Museum display pops up at City Hall for Canada 150

Dec 21, 2016 | 2:45 PM

KAMLOOPS — As the nation prepares to celebrate Canada’s 150th anniversary next year, staff at the Kamloops Museum and Archives are digging through their extensive collections of photographs and artefacts to create a historical display at City Hall. 

The Talking Walls Project is beginning to take shape in City Hall’s main lobby, celebrating the people and events that have shaped Kamloops. 

“This year knowing that Canada 150 is coming and it’s an entire celebration of Canada’s 150th birthday for the whole year of 2017, we decided to have a pop-up museum here at City Hall, to commemorate that, to mark that at the very beginning of the year, and mark it at the end,” said Kamloops Museum Supervisor Julia Cyr.

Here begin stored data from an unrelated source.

(* Let $f_1(x)=\frac25x$ for $x<0$ and $f_1(x)=\frac15x$ for $x\ge0$, let $f_2(x)=\frac13x$, and for $\varepsilon>0$ let $\widehat f_{2}(x)=\frac13x+\varepsilon$. Consider the CPLIFSs $\mathcal{F}=\{f_1,f_2\}$ and $\widehat{\mathcal{F}}_\varepsilon=\{f_1,\widehat f_2\}$. Let $s_0$ be the unique $s>0$ with $(1/3)^s+(1/5)^s=1$. Then for every $\varepsilon>0$ the natural dimension of $\widehat{\mathcal{F}}_\varepsilon$ equals $s_0$, while the natural dimension of $\mathcal{F}$ is strictly larger than $s_0$. In particular the natural dimension of $\widehat{\mathcal F}_\varepsilon$ does not converge to that of $\mathcal F$ as $\varepsilon\to0$.
   Context: For a CPLIFS (finite family $\{f_k\}_{k=1}^m$ of continuous piecewise linear contractions of $\mathbb{R}$ with nonzero slopes of absolute value $<1$ and finitely many breaking points), let $I$ be the smallest nonempty compact interval with $f_k(I)\subset I$ for all $k$; if the attractor (the unique nonempty compact $\Lambda=\bigcup_kf_k(\Lambda)$) is a single point $\phi$ (e.g. a common fixed point), set $I=[\phi-\frac12,\phi+\frac12]$. The natural pressure is $\Phi(s)=\limsup_{n\to\infty}\frac1n\log\sum_{(i_1,\dots,i_n)\in[m]^n}|f_{i_1}\circ\dots\circ f_{i_n}(I)|^s$; it is strictly decreasing with $\Phi(0)>0$ and $\Phi(s)\to-\infty$, and the natural dimension is its unique zero. *)

From HB Require Import structures.
From mathcomp Require Import all_boot all_order all_algebra.
From mathcomp Require Import all_classical all_reals all_analysis.
Set Implicit Arguments. Unset Strict Implicit. Unset Printing Implicit Defensive.
Import Order.TTheory GRing.Theory Num.Theory.
Import numFieldNormedType.Exports.
Local Open Scope classical_set_scope.
Local Open Scope ring_scope.

Section CPLIFS.
Variable R : realType.

Definition invariant_interval (m : nat) (fs : 'I_m -> R -> R) (a b : R) :=
  a <= b /\ forall (k : 'I_m) x, a <= x <= b -> a <= fs k x <= b.

Definition smallest_invariant_interval (m : nat) (fs : 'I_m -> R -> R) (a b : R) :=
  invariant_interval fs a b /\
  forall c d, invariant_interval fs c d -> c <= a /\ b <= d.

Definition is_attractor (m : nat) (fs : 'I_m -> R -> R) (L : set R) :=
  L !=set0 /\ compact L /\ L = \bigcup_(k in [set: 'I_m]) (fs k @` L).

Definition cplifs_interval (m : nat) (fs : 'I_m -> R -> R) (a b : R) :=
  (exists phi, is_attractor fs [set phi] /\ a = phi - 2^-1 /\ b = phi + 2^-1)
  \/ ((~ exists phi, is_attractor fs [set phi]) /\ smallest_invariant_interval fs a b).

Definition comp_word (m : nat) (fs : 'I_m -> R -> R) (w : seq 'I_m) : R -> R :=
  foldr (fun i g => fs i \o g) id w.

Definition image_length (g : R -> R) (a b : R) : R :=
  sup [set d | exists x y, a <= x <= b /\ a <= y <= b /\ d = `|g x - g y|].

Definition natural_pressure (m : nat) (fs : 'I_m -> R -> R) (a b s : R) : \bar R :=
  limn_esup (fun n : nat =>
    ((n%:R)^-1 * ln (\sum_(w : n.-tuple 'I_m)
                       (image_length (comp_word fs w) a b) `^ s))%:E).

Definition natural_dimension (m : nat) (fs : 'I_m -> R -> R) (d : R) :=
  exists a b, cplifs_interval fs a b /\
    natural_pressure fs a b d = 0%E /\
    (forall t, natural_pressure fs a b t = 0%E -> t = d).

Definition f1 (x : R) : R := if x < 0 then (2 / 5) * x else (1 / 5) * x.
Definition f2 (x : R) : R := (1 / 3) * x.
Definition f2hat (eps : R) (x : R) : R := (1 / 3) * x + eps.

Definition famF : 'I_2 -> R -> R := fun k => if val k == 0%N then f1 else f2.
Definition famFhat (eps : R) : 'I_2 -> R -> R :=
  fun k => if val k == 0%N then f1 else f2hat eps.

End CPLIFS.

(* If, for every word w, the image |f_w(I)| is comparable up to fixed constants
   to the product r_w of per-map ratios r_i in (0,1), then the sum over words of
   length n of |f_w(I)|^s is comparable to (sum_i r_i^s)^n, so the natural
   pressure is log sum_i r_i^s and the natural dimension is the root of the Moran
   equation sum_i r_i^s = 1.
   For the perturbed system the interval is I = [0, 3 eps/2], the segment between
   the fixed points of f1 and of f2hat; it lies in [0, +oo), where f1 has slope
   1/5, so |f_w(I)| = (3 eps/2) r_w with ratios {1/5, 1/3} and the dimension is s0.
   For the unperturbed system 0 is a common fixed point, so I = [-1/2, 1/2]
   straddles 0 and the left half, where f1 has slope 2/5, dominates: |f_w(I)| is
   comparable to the product of the ratios {2/5, 1/3}, whose Moran root exceeds
   s0 because 2/5 > 1/5. *)
From HB Require Import structures.
From mathcomp Require Import all_boot all_order all_algebra.
From mathcomp Require Import all_classical all_reals all_analysis.
From mathcomp Require Import lra.
Set Implicit Arguments. Unset Strict Implicit. Unset Printing Implicit Defensive.
Import Order.TTheory GRing.Theory Num.Theory.
Import numFieldNormedType.Exports.
Local Open Scope classical_set_scope.
Local Open Scope ring_scope.

Lemma sum_tuple_prod (S : comPzSemiRingType) (m n : nat) (F : 'I_m -> S) :
  \sum_(w : n.-tuple 'I_m) \prod_(i <- w) F i = (\sum_i F i) ^+ n.
Proof.
elim: n => [|n IH].
  rewrite (eq_bigr (fun=> 1)); last by move=> w _; rewrite tuple0 big_nil.
  by rewrite sumr_const card_tuple expr0 /= expn0.
rewrite exprS -IH mulr_suml.
rewrite (reindex (fun p : 'I_m * n.-tuple 'I_m => [tuple of p.1 :: p.2])) /=; last first.
  exists (fun t : n.+1.-tuple 'I_m => (thead t, [tuple of behead t])).
    by move=> [i t] _ /=; congr pair; apply: val_inj.
  by move=> t _; apply: val_inj => /=; case: t => -[|x s] //= _.
rewrite -(pair_big xpredT xpredT (fun i (t : n.-tuple 'I_m) => \prod_(j <- i :: t) F j)).
by apply: eq_bigr => i _; rewrite mulr_sumr; apply: eq_bigr => t _; rewrite big_cons.
Qed.

Section MoranPressure.
Variable R : realType.

Lemma ltr_powR_lt1 (a : R) : 0 < a < 1 -> {homo powR a : t1 t2 /~ t1 < t2}.
Proof.
move=> /andP[a_gt0 a_lt1] t1 t2 t12; rewrite /powR gt_eqF // ltr_expR.
by rewrite ltr_nM2r // ln_lt0 // a_gt0.
Qed.

Lemma continuous_powR (a : R) : 0 < a -> continuous (powR a).
Proof.
move=> a_gt0 t; rewrite (_ : powR a = expR \o ( *%R^~ (ln a))); last first.
  by apply/funext => s; rewrite /powR gt_eqF.
apply: continuous_comp; last exact: continuous_expR.
exact: cvgMr_tmp cvg_id.
Qed.

Definition moran_sum (m : nat) (r : 'I_m -> R) (t : R) : R := \sum_i r i `^ t.

Section MoranSum.
Variables (m : nat) (r : 'I_m -> R).
Hypothesis r_itv : forall i, 0 < r i < 1.
Hypothesis m_gt0 : (0 < m)%N.

Let r_gt0 i : 0 < r i. Proof. by case/andP: (r_itv i). Qed.

Lemma moran_sum_gt0 t : 0 < moran_sum r t.
Proof.
rewrite /moran_sum (bigD1 (Ordinal m_gt0)) //= ltr_wpDr ?powR_gt0 //.
by rewrite sumr_ge0 // => i _; exact: powR_ge0.
Qed.

Lemma moran_sum_decr : {homo moran_sum r : t1 t2 /~ t1 < t2}.
Proof.
move=> t1 t2 t12; apply: ltr_sum => [|i _]; last exact: ltr_powR_lt1.
by apply/hasP; exists (Ordinal m_gt0); rewrite ?mem_index_enum.
Qed.

Lemma continuous_moran_sum : continuous (moran_sum r).
Proof.
rewrite /moran_sum; apply: continuous_big => [|i _]; first exact: add_continuous.
exact: continuous_powR (r_gt0 i).
Qed.

End MoranSum.

Lemma image_length_nondecr (g : R -> R) (a b : R) : a <= b ->
  (forall x y, a <= x -> x <= y -> y <= b -> g x <= g y) ->
  image_length g a b = g b - g a.
Proof.
move=> ab g_mono; rewrite /image_length; set E := (X in sup X).
have gab : g a <= g b by apply: g_mono.
have E_gab : E (g b - g a).
  exists b, a; split; first by rewrite ab lexx.
  by rewrite lexx ab ger0_norm ?subr_ge0.
have E_ub : ubound E (g b - g a).
  move=> _ [x [y [/andP[ax xb] [/andP[ay yb] ->]]]].
  move: (g_mono _ _ (lexx a) ax xb) (g_mono _ _ ax xb (lexx b)).
  move: (g_mono _ _ (lexx a) ay yb) (g_mono _ _ ay yb (lexx b)).
  by rewrite ler_norml => *; apply/andP; split; lra.
apply/le_anti/andP; split; first by apply: ge_sup => //; exists (g b - g a).
by apply: sup_upper_bound => //; split; exists (g b - g a).
Qed.

Lemma cvg_invn : (fun n : nat => (n%:R : R)^-1) @ \oo --> 0.
Proof. by rewrite -cvg_shiftS; exact: cvg_harmonic. Qed.

Lemma limn_esup_ln_geometric (S : nat -> R) (q k1 k2 : R) :
  0 < q -> 0 < k1 -> 0 < k2 ->
  (forall n, (0 < n)%N -> k1 * q ^+ n <= S n <= k2 * q ^+ n) ->
  limn_esup (fun n => ((n%:R)^-1 * ln (S n))%:E) = (ln q)%:E.
Proof.
move=> q_gt0 k1_gt0 k2_gt0 S_bounds.
have rate_cvg k : (fun n : nat => ln q + ln k * (n%:R)^-1) @ \oo --> ln q.
  rewrite -[X in _ --> X]addr0 -(mulr0 (ln k)).
  by apply: cvgD; [exact: cvg_cst | apply: cvgM; [exact: cvg_cst | exact: cvg_invn]].
apply/(cvg_limn_einf_sup _).2/cvg_EFin; first exact: nearW.
apply: (squeeze_cvgr _ (rate_cvg k1) (rate_cvg k2)); near=> n.
have n_gt0 : (0 < n)%N by near: n; exists 1%N.
have n_gt0R : 0 < (n%:R : R) by rewrite ltr0n.
have /andP[lo hi] := S_bounds n n_gt0.
have qn_gt0 : 0 < q ^+ n by rewrite exprn_gt0.
have S_gt0 : 0 < S n by apply: lt_le_trans lo; rewrite mulr_gt0.
rewrite -ler_ln ?posrE ?mulr_gt0 // lnM ?posrE // lnXn // -mulr_natr in lo.
rewrite -ler_ln ?posrE ?mulr_gt0 // lnM ?posrE // lnXn // -mulr_natr in hi.
have scale x : n%:R * (ln q + ln x * (n%:R)^-1) = n%:R * ln q + ln x.
  by rewrite mulrDr mulrCA mulfV ?gt_eqF ?mulr1.
apply/andP; split; rewrite -(ler_pM2l n_gt0R) ?scale mulrA mulfV ?gt_eqF // mul1r; lra.
Unshelve. all: by end_near.
Qed.

Lemma powR_sandwich (k1 k2 x y t : R) : 0 < k1 -> 0 < x -> k1 * x <= y <= k2 * x ->
  expR (- (`|t| * (`|ln k1| + `|ln k2|))) * x `^ t <= y `^ t
  <= expR (`|t| * (`|ln k1| + `|ln k2|)) * x `^ t.
Proof.
move=> k1_gt0 x_gt0 /andP[lo hi].
have y_gt0 : 0 < y by apply: lt_le_trans lo; rewrite mulr_gt0.
have k2_gt0 : 0 < k2 by rewrite -(pmulr_lgt0 _ x_gt0) (lt_le_trans y_gt0).
have ln_lo : ln k1 + ln x <= ln y by rewrite -lnM ?posrE // ler_ln ?posrE ?mulr_gt0.
have ln_hi : ln y <= ln k2 + ln x by rewrite -lnM ?posrE // ler_ln ?posrE ?mulr_gt0.
have ln_gap : `|ln y - ln x| <= `|ln k1| + `|ln k2|.
  have := ler_norm (ln k2); have := lerNnormlW (lexx `|ln k1|).
  have := normr_ge0 (ln k1); have := normr_ge0 (ln k2).
  rewrite ler_norml; lra.
have : `|t * ln y - t * ln x| <= `|t| * (`|ln k1| + `|ln k2|).
  by rewrite -mulrBr normrM ler_wpM2l.
rewrite /powR !gt_eqF // -!expRD !ler_expR ler_norml => /andP[? ?].
apply/andP; split; lra.
Qed.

The museum has been working on a commemorative wall for the past two and a half months, and it’s now beginning to take shape.

“The main themes for Canada 150 are truth and reconciliation, it’s about youth, diversity, and the environment, and so the themes that we’ve connected to draw back on that, and it’s also about our local city and it talks about things that Kamloops is really known for,” Cyr said.

That includes such hallmarks as the railway, the economy, and a passion for sport, all reflected on the wall in large-scale photographs. 

For museum archivist Scott Owens, narrowing down a selection of photographs for the City Hall display was quite the challenge.

“At the Kamloops Museum and Archives we have about 10,000 images in what we call our KMA photograph collection,” Owens said, “and so a lot of the process for developing this exhibit came from going through these images and selecting images that were visually striking.” 

The museum also has an extensive collection of artefacts, some of which will be added to display boxes mounted to the wall. 

“We have a really exhaustive fly fishing display at our museum,” said Kamloops Museum Curator Matt Macintosh, “so we’re going to draw on that and show some small artefacts from the fly fishing collection, as well as in consultation with the Secwepemc Museum and Archives we have a few artefacts from Indigenous culture around the area as well.” 

The pop-up museum at City Hall is just a taste of what will be on display at the Kamloops Museum itself in the new year, celebrating what has defined our city and nation over the past 150  years. 

“It’s a really important moment for Canada to celebrate and to look at what has been our past and our history in the past 150 years, and what will it be in 150 years from now?” Cyr said. “So it gives us that opportunity to take pause and think about those topics.”